Unnamed: 0,filename,cik,year,section_1,section_1A,section_1B,section_2,section_3,section_4,section_5,...,section_8,section_9,section_9A,section_9B,section_10,section_11,section_12,section_13,section_14,section_15
0,820736_1997.txt,820736,1997,ITEM 1. BUSINESS\nBACKGROUND\nOrbital Sciences...,,,ITEM 2. PROPERTIES\nOrbital owns or leases ove...,"ITEM 3. LEGAL PROCEEDINGS\nOn October 10, 1996...",ITEM 4. SUBMISSION OF MATTERS TO A VOTE OF SEC...,ITEM 5. MARKET FOR REGISTRANT'S COMMON EQUITY ...,...,ITEM 8. FINANCIAL STATEMENTS AND SUPPLEMENTARY...,ITEM 9. CHANGES IN AND DISAGREEMENTS WITH ACCO...,,,ITEM 10. DIRECTORS AND EXECUTIVE OFFICERS OF T...,ITEM 11. EXECUTIVE COMPENSATION\nThe informati...,ITEM 12. SECURITY OWNERSHIP OF CERTAIN BENEFIC...,ITEM 13. CERTAIN RELATIONSHIPS AND RELATED TRA...,"ITEM 14. EXHIBITS, FINANCIAL STATEMENT SCHEDUL...",
1,1047643_1997.txt,1047643,1997,ITEM 1. BUSINESS\nAdvanced Communications Grou...,,,ITEM 2. PROPERTIES\nThe information appearing ...,ITEM 3. LEGAL PROCEEDINGS\nThe information app...,ITEM 4. SUBMISSION OF MATTERS TO A VOTE OF SEC...,ITEM 5. MARKET FOR THE REGISTRANT'S COMMON EQU...,...,ITEM 8. FINANCIAL STATEMENTS AND OTHER SUPPLEM...,ITEM 9. CHANGES AND DISAGREEMENTS WITH ACCOUNT...,,,ITEM 10. DIRECTORS AND EXECUTIVE OFFICERS OF T...,ITEM 11. EXECUTIVE COMPENSATION\nThe informati...,ITEM 12. SECURITY OWNERSHIP OF CERTAIN BENEFIC...,ITEM 13. CERTAIN RELATIONSHIPS AND RELATED TRA...,"ITEM 14. EXHIBITS, FINANCIAL STATEMENTS SCHEDU...",


In [5]:
df_1047643 = df[df.cik == '1047643']

In [6]:
df_1047643.columns

Index(['filename', 'cik', 'year', 'section_1', 'section_1A', 'section_1B',
       'section_2', 'section_3', 'section_4', 'section_5', 'section_6',
       'section_7', 'section_7A', 'section_8', 'section_9', 'section_9A',
       'section_9B', 'section_10', 'section_11', 'section_12', 'section_13',
       'section_14', 'section_15'],
      dtype='object')

In [12]:
import os
from typing import List
import pandas as pd
from langchain.schema import Document
from langchain.text_splitter import RecursiveCharacterTextSplitter
from langchain.retrievers import ParentDocumentRetriever
from langchain_community.vectorstores import FAISS
from langchain_community.embeddings import HuggingFaceEmbeddings
from langchain_community.docstore.in_memory import InMemoryDocstore
from langchain.storage import InMemoryStore
import faiss

In [42]:
api_key = "AIzaSyDz3kL0XL7QogHsDPh_g596Raj2CbpyMmQ"

In [46]:
import os
import google.generativeai as genai

os.environ["GOOGLE_API_KEY"] = api_key # or set in your shell
genai.configure(api_key=os.environ["GOOGLE_API_KEY"])

In [47]:
from langchain_google_genai import GoogleGenerativeAIEmbeddings

# Recommended Gemini embedding model
embeddings = GoogleGenerativeAIEmbeddings(model="text-embedding-004")  

In [60]:
def get_section_columns(df: pd.DataFrame) -> List[str]:
    return [c for c in df.columns if c.lower().startswith("section_")]

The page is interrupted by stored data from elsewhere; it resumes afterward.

Theorem lemma3p14 (d : measure_display) (T : measurableType d) (R : realType)
  (Ps : set (probability T R)) (X Y : T -> R) :
  Ps !=set0 ->
  measurable_fun setT X -> measurable_fun setT Y ->
  (sublinE Ps (fun w => (X w ^+ 2)%R) + sublinE Ps (fun w => (Y w ^+ 2)%R) < +oo)%E ->
  let U := fun w => (X w + Y w) / 2 in
  let V := fun w => (X w - Y w) / 2 in
  (upcov Ps X Y =
     ereal_sup [set ereal_inf [set sublinE Ps (fun w => (U w - a) ^+ 2 - (V w - b) ^+ 2)
                              | a in [set: R]]
               | b in [set: R]]
   /\ exists a b, a \in meanset Ps U /\ b \in meanset Ps V /\
       upcov Ps X Y = sublinE Ps (fun w => (U w - a) ^+ 2 - (V w - b) ^+ 2))
  /\
  (lowcov Ps X Y =
     ereal_inf [set ereal_sup [set (- sublinE Ps (fun w => (- (U w - a) ^+ 2 + (V w - b) ^+ 2)%R))%E
                              | b in [set: R]]
               | a in [set: R]]
   /\ exists a b, a \in meanset Ps U /\ b \in meanset Ps V /\
       lowcov Ps X Y = (- sublinE Ps (fun w => (- (U w - a) ^+ 2 + (V w - b) ^+ 2)%R))%E).
Proof.
move=> Ps0 mX mY fin2 U V.
have [upE [a [b [aM bM abE]]]] := upcov_saddle Ps0 mX mY fin2.
have fin2N : (sublinE Ps (fun w => ((- X w) ^+ 2)%R) +
    sublinE Ps (fun w => (Y w ^+ 2)%R) < +oo)%E by under eq_fun do rewrite sqrrN.
(* for (-X, Y) the roles of U and V become those of -V and -U *)
have [lowE [a' [b' [aM' bM' abE']]]] := upcov_saddle Ps0 (measurable_funN mX) mY fin2N.
split; first by split => //; exists a, b.
rewrite lowcov_upcovN; split.
  rewrite lowE oppe_sup_inf image_setT_oppr; congr ereal_inf; apply: eq_imagel => a'' _.
  rewrite image_setT_oppr; congr ereal_sup; apply: eq_imagel => b'' _.
  by congr (- sublinE Ps _)%E; apply/funext => w; rewrite /U /V /=; field.
exists (- b'), (- a'); split; [|split].
- move: bM'; rewrite (meansetN U) => [|t]; last by rewrite /U /=; field.
  by rewrite inE => -[m mM <-]; rewrite opprK inE.
- move: aM'; rewrite (meansetN V) => [|t]; last by rewrite /V /=; field.
  by rewrite inE => -[m mM <-]; rewrite opprK inE.
by rewrite abE'; congr (- sublinE Ps _)%E; apply/funext => w; rewrite /U /V /=; field.
Qed.
Lemma filterlim_m_infty_nondecreasing (G : R -> R) M :
  (forall a b, a <= b -> G a <= G b) -> (forall x, M <= G x) ->
  exists l, filterlim G (Rbar_locally m_infty) (locally l).
Proof.
  intros Hmono HM.
  destruct (filterlim_p_infty_nondecreasing (fun x => - G (- x)) (- M)) as [l Hl].
  - intros a b Hab. apply Ropp_le_contravar, Hmono. lra.
  - intros x. apply Ropp_le_contravar, HM.
  - exists (opp l).
    apply (filterlim_ext (fun x => opp (- G (- (- x))))).
    { intros x. unfold opp; simpl. rewrite !Ropp_involutive. reflexivity. }
    eapply filterlim_comp; [| apply (@filterlim_opp R_AbsRing R_NormedModule)].
    exact (filterlim_comp _ _ _ Ropp (fun y => - G (- y)) _ _ _
             (filterlim_Rbar_opp m_infty) Hl).
Qed.

Lemma is_RInt_gen_at_point_filterlim (f : R -> R) a F {FF : Filter F} l :
  (forall b, ex_RInt f a b) -> filterlim (fun b => RInt f a b) F (locally l) ->
  is_RInt_gen f (at_point a) F l.
Proof.
  intros Hex Hlim P HP; simpl.
  apply Filter_prod with (fun x => x = a) (fun b => P (RInt f a b)).
  - reflexivity.
  - exact (Hlim P HP).
  - intros x b -> HPb. exists (RInt f a b).
    split; [apply (RInt_correct (V := R_CompleteNormedModule)), Hex | exact HPb].
Qed.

section_cols = get_section_columns(df_1047643)

In [98]:
docs = []
for sec_col in section_cols:
    # Skip empty / NaN sections safely
    if sec_col not in df_1047643.columns:
        continue
    cell = df_1047643[sec_col].values[0]
    if cell is None or (isinstance(cell, float) and math.isnan(cell)):
        continue

    metadata = {
        "filename": "1047643",
        "cik": "1047643",
        "year": "1997",
        "sections_present": f"1047643#{sec_col}",
        "section": sec_col,   # add section explicitly for filtering
    }
    # Use the *value* of sec_col in the header
    content = str(cell).strip()
    content_with_header = f"## {sec_col}\n{content}"
    doc = Document(page_content=content_with_header, metadata=metadata)
    docs.append(doc)

# Optional: give stable parent IDs (recommended)
parent_ids = [f"{d.metadata['cik']}#{d.metadata['year']}#{d.metadata['section']}" for d in docs]


In [100]:
# Determine dimension dynamically to avoid mismatch
dim = len(embeddings.embed_query("dimension probe"))
index = faiss.IndexFlatIP(dim)  # inner-product (use normalize_L2=True below for cosine)
child_docstore = InMemoryDocstore()  # FAISS uses its own docstore for child chunks

faiss_child_docstore = InMemoryDocstore()
vectorstore = FAISS(
    embedding_function=embeddings,
    index=index,
    docstore=faiss_child_docstore,
    index_to_docstore_id={},
    normalize_L2=True,  # cosine-like similarity
)


In [101]:
# Parent store must be a BaseStore
parent_store = InMemoryStore()
child_splitter = RecursiveCharacterTextSplitter(chunk_size=1200, chunk_overlap=150)
retriever = ParentDocumentRetriever(
    vectorstore=vectorstore,
    docstore=parent_store,     # <-- the fix
    child_splitter=child_splitter,
)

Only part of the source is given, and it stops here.